(* Let $\mathbf{t}$ be the Tribonacci sequence, fixed point of $0\mapsto01$, $1\mapsto02$, $2\mapsto0$. For each $k\ge1$, the sequence $\mathbf{t}$ is totally $(k,1)$-unbalanced.
   Context: For positive integers $k,C$, a sequence $\mathbf{x}$ is totally $(k,C)$-unbalanced if for every length-$k$ factor $w$ of $\mathbf{x}$ there exist two factors $u,v$ of $\mathbf{x}$ with $|u|=|v|$ and $||u|_w-|v|_w|>C$, where $|u|_w$ is the number of (possibly overlapping) occurrences of $w$ in $u$. *)

From mathcomp Require Import all_boot all_order all_algebra.
Set Implicit Arguments. Unset Strict Implicit. Unset Printing Implicit Defensive.

Definition factor (x : nat -> nat) (w : seq nat) : Prop :=
  exists i, w = mkseq (fun j => x (i + j)) (size w).

Definition occ (u w : seq nat) : nat :=
  count (fun i => (i + size w <= size u) && (take (size w) (drop i u) == w))
        (iota 0 (size u).+1).

Definition totally_unbalanced (x : nat -> nat) (k C : nat) : Prop :=
  forall w : seq nat, size w = k -> factor x w ->
    exists u v : seq nat,
      [/\ factor x u, factor x v, size u = size v &
          (C < `|occ u w - occ v w|)%N].

Definition trib_sigma (a : nat) : seq nat :=
  match a with 0 => [:: 0; 1] | 1 => [:: 0; 2] | _ => [:: 0] end.

Definition trib_iter (n : nat) : seq nat :=
  iter n (fun s => flatten (map trib_sigma s)) [:: 0].

(* The Tribonacci word t = lim sigma^n(0); sigma^(i+1)(0) has length > i. *)
Definition tribonacci (i : nat) : nat := nth 0 (trib_iter i.+1) i.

What this task involves:
How many lines of the entries contain the string "Definition"? Answer with a number and no other words.

Reply:
6